**EXERCISE DATA**
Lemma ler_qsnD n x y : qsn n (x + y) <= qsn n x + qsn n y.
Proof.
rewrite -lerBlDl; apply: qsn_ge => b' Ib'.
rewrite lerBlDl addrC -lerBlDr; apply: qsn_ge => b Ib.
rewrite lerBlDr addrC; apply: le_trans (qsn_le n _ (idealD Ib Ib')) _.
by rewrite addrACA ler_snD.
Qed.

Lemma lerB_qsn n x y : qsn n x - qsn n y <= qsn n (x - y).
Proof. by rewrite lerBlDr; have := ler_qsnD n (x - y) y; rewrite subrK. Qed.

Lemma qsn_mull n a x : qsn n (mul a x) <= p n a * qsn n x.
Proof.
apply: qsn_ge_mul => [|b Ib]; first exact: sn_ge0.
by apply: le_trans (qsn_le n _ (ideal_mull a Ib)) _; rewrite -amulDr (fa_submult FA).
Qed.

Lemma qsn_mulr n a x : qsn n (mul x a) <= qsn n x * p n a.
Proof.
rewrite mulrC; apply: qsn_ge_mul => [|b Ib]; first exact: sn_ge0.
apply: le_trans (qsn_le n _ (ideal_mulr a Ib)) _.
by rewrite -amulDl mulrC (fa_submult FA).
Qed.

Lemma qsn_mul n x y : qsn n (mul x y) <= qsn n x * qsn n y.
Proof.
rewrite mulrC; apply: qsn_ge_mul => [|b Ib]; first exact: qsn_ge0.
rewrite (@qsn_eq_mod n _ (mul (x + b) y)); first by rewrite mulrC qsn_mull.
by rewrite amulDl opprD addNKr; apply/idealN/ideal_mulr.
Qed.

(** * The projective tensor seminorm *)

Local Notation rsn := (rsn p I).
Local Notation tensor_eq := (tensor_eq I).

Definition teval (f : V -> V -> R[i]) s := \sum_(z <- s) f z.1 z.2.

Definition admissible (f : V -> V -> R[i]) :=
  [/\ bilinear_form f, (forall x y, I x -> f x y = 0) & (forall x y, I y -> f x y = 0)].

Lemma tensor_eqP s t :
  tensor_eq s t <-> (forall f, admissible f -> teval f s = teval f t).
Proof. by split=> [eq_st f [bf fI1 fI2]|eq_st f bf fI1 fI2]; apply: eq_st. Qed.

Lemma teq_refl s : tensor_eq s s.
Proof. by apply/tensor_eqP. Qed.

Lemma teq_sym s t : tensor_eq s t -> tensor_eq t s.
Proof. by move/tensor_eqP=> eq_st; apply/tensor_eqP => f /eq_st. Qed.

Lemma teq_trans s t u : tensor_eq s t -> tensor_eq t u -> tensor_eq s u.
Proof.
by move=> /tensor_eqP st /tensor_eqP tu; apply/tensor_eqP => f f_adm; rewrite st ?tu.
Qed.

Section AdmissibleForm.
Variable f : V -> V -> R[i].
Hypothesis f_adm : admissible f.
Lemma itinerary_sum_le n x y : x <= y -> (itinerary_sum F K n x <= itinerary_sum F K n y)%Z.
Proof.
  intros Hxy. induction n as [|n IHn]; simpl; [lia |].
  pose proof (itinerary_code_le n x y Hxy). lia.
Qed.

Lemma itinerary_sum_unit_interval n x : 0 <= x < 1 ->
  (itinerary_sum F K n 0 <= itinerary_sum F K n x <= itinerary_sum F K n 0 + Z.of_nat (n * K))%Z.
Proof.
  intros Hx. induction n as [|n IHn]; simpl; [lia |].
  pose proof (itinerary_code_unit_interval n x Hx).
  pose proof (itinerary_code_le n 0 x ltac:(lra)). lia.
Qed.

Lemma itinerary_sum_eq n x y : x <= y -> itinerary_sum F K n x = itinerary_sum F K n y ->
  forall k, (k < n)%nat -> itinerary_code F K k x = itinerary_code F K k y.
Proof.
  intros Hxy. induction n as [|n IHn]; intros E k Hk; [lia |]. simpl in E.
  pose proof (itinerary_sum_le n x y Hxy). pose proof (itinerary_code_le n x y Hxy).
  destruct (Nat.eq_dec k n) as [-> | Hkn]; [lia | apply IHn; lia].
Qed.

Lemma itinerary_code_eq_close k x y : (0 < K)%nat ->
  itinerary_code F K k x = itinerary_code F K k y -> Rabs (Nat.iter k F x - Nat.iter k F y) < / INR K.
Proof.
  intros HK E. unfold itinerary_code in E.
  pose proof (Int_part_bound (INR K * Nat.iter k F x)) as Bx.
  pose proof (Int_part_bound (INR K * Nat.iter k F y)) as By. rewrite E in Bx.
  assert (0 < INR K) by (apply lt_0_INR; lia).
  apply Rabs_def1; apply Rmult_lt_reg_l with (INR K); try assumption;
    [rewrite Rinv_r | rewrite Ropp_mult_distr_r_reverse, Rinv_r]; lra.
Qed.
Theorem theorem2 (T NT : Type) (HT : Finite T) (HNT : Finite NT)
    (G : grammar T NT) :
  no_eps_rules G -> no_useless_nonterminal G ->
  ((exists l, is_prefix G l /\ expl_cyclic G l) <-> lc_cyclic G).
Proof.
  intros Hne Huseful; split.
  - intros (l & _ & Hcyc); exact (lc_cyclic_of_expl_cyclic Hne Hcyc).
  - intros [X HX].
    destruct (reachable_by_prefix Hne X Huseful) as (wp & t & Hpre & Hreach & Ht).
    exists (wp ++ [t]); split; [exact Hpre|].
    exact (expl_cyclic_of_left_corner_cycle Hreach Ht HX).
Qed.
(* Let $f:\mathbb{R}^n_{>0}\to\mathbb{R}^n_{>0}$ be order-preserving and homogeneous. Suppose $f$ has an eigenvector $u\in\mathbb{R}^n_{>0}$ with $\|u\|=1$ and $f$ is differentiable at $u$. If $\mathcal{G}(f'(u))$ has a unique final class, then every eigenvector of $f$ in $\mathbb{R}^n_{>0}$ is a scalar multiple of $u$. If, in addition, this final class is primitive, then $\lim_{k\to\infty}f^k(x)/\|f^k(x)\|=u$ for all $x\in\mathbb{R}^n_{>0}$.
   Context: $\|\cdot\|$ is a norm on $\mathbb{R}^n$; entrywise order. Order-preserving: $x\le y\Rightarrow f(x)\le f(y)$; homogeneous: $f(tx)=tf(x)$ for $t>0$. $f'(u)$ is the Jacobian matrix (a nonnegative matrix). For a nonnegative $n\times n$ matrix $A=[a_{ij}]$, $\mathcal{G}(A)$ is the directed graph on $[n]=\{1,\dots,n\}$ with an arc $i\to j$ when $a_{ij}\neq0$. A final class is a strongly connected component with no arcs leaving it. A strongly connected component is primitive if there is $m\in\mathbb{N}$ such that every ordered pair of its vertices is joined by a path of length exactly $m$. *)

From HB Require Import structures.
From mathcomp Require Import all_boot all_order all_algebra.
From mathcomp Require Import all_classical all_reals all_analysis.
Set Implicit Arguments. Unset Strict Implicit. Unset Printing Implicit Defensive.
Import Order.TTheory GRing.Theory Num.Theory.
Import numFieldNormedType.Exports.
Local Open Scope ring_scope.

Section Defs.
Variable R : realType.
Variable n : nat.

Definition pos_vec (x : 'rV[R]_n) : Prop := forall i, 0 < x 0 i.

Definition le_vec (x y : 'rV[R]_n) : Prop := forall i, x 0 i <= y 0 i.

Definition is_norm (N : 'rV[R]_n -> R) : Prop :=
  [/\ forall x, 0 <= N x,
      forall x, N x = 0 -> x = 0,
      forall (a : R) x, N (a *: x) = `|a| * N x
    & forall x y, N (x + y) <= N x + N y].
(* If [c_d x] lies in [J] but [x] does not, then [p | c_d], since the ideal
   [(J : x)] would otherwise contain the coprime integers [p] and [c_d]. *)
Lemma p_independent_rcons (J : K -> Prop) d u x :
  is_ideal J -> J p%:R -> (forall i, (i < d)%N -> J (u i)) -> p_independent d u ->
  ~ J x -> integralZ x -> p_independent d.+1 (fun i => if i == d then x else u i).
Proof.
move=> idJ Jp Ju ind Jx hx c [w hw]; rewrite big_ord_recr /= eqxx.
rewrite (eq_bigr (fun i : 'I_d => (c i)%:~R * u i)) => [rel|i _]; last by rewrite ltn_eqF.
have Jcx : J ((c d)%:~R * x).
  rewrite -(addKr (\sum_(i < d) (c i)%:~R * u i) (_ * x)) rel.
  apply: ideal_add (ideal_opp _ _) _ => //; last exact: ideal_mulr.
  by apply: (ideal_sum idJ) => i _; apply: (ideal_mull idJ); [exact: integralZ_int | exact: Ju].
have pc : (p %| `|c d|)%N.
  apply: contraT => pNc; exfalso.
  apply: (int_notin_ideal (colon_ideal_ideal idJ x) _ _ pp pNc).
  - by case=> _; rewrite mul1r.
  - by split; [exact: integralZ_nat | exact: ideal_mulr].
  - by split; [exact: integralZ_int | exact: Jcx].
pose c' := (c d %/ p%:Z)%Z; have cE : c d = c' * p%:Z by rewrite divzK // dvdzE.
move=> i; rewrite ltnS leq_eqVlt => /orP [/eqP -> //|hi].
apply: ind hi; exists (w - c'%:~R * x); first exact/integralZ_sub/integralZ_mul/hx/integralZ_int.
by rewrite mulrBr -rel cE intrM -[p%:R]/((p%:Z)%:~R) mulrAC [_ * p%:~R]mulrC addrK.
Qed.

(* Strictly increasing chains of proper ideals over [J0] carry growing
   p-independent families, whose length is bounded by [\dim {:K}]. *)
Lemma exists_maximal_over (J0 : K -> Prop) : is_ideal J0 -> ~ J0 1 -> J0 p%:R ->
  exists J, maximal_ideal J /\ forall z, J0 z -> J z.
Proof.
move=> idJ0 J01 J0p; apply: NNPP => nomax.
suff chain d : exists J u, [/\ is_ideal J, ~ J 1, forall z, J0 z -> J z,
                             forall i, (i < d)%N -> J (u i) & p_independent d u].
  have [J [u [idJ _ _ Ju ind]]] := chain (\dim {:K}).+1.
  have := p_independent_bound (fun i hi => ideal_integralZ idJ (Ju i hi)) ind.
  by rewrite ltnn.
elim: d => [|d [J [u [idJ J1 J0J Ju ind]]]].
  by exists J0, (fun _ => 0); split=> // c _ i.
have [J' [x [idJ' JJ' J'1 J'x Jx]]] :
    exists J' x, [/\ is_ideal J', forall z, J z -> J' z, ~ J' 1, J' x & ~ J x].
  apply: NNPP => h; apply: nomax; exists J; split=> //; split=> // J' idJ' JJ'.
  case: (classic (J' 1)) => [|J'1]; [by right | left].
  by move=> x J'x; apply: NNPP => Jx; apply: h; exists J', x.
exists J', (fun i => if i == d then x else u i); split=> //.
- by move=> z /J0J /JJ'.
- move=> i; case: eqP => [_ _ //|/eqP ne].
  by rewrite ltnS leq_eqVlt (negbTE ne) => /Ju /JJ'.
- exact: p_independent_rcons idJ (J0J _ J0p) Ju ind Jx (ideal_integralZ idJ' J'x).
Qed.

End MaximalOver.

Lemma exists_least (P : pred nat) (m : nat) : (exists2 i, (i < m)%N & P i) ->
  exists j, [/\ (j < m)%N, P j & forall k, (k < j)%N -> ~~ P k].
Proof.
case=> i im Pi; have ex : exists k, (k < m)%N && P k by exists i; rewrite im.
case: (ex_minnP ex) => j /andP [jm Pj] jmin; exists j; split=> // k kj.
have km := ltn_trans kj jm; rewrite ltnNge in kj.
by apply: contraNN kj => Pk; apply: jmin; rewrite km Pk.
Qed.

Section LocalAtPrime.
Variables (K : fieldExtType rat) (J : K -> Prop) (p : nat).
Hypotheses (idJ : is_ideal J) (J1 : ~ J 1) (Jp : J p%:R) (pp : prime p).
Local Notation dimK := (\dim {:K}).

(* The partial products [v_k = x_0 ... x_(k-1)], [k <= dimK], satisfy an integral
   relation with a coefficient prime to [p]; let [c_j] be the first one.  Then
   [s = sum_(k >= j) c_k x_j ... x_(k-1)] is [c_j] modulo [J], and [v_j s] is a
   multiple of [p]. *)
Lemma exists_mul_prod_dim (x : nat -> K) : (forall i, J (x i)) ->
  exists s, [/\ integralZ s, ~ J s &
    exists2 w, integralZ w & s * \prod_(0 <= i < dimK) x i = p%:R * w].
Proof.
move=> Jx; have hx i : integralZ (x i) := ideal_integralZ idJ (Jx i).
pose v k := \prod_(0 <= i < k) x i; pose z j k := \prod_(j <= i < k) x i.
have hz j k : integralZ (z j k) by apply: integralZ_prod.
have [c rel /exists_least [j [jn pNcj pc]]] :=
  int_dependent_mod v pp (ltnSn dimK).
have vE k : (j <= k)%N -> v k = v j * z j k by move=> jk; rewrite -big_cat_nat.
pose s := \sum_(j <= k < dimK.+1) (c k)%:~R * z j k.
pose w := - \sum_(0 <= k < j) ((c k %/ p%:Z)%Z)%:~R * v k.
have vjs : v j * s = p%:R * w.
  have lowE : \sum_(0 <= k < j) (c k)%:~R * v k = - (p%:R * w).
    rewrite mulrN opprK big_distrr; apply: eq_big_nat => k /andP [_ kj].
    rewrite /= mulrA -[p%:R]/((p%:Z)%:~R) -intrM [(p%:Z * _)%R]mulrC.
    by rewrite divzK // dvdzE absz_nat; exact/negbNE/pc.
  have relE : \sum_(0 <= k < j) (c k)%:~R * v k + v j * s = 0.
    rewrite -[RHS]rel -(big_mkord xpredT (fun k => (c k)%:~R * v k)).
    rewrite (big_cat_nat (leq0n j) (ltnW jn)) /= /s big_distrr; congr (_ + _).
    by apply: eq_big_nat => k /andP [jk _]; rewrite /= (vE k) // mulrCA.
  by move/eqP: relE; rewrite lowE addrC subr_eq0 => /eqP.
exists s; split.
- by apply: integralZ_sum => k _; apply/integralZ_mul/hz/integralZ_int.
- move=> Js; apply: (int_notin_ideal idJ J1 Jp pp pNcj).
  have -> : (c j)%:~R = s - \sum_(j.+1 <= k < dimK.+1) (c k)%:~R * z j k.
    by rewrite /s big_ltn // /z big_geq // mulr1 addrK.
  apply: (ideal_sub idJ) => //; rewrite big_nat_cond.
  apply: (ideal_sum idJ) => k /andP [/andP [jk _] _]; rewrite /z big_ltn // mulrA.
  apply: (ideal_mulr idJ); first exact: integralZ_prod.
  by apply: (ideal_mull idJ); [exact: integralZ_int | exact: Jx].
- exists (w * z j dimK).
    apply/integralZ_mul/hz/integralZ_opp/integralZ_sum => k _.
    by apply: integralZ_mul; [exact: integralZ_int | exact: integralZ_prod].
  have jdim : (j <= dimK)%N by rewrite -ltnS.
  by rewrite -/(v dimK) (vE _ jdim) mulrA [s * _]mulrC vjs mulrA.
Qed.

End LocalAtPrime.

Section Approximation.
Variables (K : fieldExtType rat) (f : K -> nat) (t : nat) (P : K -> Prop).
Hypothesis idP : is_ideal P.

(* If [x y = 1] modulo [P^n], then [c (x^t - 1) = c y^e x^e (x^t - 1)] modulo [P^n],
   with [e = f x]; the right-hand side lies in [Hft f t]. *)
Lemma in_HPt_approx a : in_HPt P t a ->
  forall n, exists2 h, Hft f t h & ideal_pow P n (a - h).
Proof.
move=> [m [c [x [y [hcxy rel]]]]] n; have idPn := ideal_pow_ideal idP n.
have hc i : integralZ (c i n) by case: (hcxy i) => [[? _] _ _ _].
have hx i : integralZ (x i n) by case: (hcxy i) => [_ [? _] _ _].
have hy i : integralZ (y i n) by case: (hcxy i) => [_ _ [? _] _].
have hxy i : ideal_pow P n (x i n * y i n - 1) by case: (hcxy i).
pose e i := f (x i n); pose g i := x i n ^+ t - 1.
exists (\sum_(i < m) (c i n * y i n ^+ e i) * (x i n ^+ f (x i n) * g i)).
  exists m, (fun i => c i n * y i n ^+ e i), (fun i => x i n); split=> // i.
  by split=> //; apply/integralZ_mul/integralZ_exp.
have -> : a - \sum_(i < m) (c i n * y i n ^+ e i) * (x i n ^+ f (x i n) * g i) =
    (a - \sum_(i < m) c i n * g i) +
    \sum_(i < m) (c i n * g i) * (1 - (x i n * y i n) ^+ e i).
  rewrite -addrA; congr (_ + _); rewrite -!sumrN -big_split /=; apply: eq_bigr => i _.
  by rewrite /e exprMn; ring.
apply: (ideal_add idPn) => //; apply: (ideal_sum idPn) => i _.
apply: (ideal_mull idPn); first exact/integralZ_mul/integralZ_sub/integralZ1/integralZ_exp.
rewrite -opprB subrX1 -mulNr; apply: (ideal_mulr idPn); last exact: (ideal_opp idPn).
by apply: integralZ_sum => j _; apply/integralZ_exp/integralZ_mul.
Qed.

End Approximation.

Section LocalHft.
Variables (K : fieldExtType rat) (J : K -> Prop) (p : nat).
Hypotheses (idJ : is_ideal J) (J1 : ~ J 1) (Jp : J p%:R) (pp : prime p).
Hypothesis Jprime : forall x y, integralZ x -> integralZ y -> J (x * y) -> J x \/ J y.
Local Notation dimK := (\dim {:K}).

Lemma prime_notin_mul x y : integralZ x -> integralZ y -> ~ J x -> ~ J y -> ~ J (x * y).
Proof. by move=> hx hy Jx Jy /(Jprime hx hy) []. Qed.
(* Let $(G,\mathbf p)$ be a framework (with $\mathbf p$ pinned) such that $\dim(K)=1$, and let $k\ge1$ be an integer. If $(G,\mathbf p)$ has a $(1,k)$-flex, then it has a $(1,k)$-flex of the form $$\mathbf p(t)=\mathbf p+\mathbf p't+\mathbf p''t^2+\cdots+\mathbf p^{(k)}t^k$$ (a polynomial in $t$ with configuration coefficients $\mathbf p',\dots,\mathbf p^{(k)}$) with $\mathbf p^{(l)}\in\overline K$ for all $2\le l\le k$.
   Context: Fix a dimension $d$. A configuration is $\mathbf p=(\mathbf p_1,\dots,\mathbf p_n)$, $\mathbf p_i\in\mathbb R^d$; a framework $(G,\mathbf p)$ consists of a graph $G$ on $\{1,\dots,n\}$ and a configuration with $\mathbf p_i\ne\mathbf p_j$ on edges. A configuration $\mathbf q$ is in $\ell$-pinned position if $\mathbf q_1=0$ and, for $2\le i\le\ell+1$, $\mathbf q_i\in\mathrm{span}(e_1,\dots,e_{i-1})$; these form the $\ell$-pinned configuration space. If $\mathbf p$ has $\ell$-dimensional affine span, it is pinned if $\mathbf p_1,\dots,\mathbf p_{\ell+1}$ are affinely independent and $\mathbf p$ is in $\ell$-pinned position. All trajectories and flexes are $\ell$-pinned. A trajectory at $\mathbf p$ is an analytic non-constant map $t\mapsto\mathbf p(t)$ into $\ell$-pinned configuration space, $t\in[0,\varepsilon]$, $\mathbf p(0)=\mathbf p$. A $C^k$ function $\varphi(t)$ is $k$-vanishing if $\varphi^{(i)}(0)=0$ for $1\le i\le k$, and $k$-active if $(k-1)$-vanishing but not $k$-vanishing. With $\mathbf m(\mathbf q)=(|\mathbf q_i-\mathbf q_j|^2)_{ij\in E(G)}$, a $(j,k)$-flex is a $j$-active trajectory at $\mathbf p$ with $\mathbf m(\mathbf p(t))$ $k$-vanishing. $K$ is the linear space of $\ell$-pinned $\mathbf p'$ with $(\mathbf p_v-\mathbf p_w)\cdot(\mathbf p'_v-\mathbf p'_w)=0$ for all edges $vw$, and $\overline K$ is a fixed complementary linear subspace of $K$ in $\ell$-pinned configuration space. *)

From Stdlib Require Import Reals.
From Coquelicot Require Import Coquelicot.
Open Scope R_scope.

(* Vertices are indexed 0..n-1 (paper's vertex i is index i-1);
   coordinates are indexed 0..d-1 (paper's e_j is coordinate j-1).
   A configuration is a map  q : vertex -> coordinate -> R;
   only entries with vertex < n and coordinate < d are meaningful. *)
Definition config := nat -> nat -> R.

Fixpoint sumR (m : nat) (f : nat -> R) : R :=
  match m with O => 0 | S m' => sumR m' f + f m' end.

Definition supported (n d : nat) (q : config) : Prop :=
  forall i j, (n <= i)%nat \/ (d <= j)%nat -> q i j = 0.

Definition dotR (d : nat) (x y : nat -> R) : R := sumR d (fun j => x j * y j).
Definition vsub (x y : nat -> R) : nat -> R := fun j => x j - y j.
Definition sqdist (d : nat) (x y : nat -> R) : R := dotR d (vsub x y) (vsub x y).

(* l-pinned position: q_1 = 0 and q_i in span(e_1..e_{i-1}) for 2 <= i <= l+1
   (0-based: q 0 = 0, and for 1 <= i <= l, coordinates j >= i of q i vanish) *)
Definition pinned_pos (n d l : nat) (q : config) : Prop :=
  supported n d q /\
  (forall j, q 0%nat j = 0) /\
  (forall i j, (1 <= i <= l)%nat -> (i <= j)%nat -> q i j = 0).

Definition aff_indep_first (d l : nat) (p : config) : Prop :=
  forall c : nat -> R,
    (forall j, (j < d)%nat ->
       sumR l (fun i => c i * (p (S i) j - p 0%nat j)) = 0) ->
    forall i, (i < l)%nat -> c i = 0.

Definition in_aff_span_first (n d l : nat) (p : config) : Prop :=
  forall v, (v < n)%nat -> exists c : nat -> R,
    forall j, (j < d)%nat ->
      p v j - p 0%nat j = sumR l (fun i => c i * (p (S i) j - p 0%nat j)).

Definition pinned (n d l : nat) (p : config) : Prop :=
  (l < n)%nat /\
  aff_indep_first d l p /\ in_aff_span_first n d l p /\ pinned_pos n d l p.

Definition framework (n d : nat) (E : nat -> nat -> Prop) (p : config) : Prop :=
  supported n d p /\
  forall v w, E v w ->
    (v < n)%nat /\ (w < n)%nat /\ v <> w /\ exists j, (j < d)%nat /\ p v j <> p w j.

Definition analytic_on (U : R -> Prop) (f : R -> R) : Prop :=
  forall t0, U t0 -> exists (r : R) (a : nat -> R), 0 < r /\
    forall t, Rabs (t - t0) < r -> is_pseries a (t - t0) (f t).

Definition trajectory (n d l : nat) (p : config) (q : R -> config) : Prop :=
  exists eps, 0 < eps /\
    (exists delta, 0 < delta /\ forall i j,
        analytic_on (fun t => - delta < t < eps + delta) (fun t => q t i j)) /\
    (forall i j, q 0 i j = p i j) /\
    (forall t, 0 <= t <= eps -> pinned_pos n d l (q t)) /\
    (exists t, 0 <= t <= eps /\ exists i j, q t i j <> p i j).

**EXERCISE REQUIREMENTS**
Your answer should be the lines above from the one containing "apply Rabs_def1; apply" through the one containing "Variable R : realType.", copied exactly and with both ends kept.

**EXERCISE OUTPUT**
  apply Rabs_def1; apply Rmult_lt_reg_l with (INR K); try assumption;
    [rewrite Rinv_r | rewrite Ropp_mult_distr_r_reverse, Rinv_r]; lra.
Qed.
Theorem theorem2 (T NT : Type) (HT : Finite T) (HNT : Finite NT)
    (G : grammar T NT) :
  no_eps_rules G -> no_useless_nonterminal G ->
  ((exists l, is_prefix G l /\ expl_cyclic G l) <-> lc_cyclic G).
Proof.
  intros Hne Huseful; split.
  - intros (l & _ & Hcyc); exact (lc_cyclic_of_expl_cyclic Hne Hcyc).
  - intros [X HX].
    destruct (reachable_by_prefix Hne X Huseful) as (wp & t & Hpre & Hreach & Ht).
    exists (wp ++ [t]); split; [exact Hpre|].
    exact (expl_cyclic_of_left_corner_cycle Hreach Ht HX).
Qed.
(* Let $f:\mathbb{R}^n_{>0}\to\mathbb{R}^n_{>0}$ be order-preserving and homogeneous. Suppose $f$ has an eigenvector $u\in\mathbb{R}^n_{>0}$ with $\|u\|=1$ and $f$ is differentiable at $u$. If $\mathcal{G}(f'(u))$ has a unique final class, then every eigenvector of $f$ in $\mathbb{R}^n_{>0}$ is a scalar multiple of $u$. If, in addition, this final class is primitive, then $\lim_{k\to\infty}f^k(x)/\|f^k(x)\|=u$ for all $x\in\mathbb{R}^n_{>0}$.
   Context: $\|\cdot\|$ is a norm on $\mathbb{R}^n$; entrywise order. Order-preserving: $x\le y\Rightarrow f(x)\le f(y)$; homogeneous: $f(tx)=tf(x)$ for $t>0$. $f'(u)$ is the Jacobian matrix (a nonnegative matrix). For a nonnegative $n\times n$ matrix $A=[a_{ij}]$, $\mathcal{G}(A)$ is the directed graph on $[n]=\{1,\dots,n\}$ with an arc $i\to j$ when $a_{ij}\neq0$. A final class is a strongly connected component with no arcs leaving it. A strongly connected component is primitive if there is $m\in\mathbb{N}$ such that every ordered pair of its vertices is joined by a path of length exactly $m$. *)

From HB Require Import structures.
From mathcomp Require Import all_boot all_order all_algebra.
From mathcomp Require Import all_classical all_reals all_analysis.
Set Implicit Arguments. Unset Strict Implicit. Unset Printing Implicit Defensive.
Import Order.TTheory GRing.Theory Num.Theory.
Import numFieldNormedType.Exports.
Local Open Scope ring_scope.

Section Defs.
Variable R : realType.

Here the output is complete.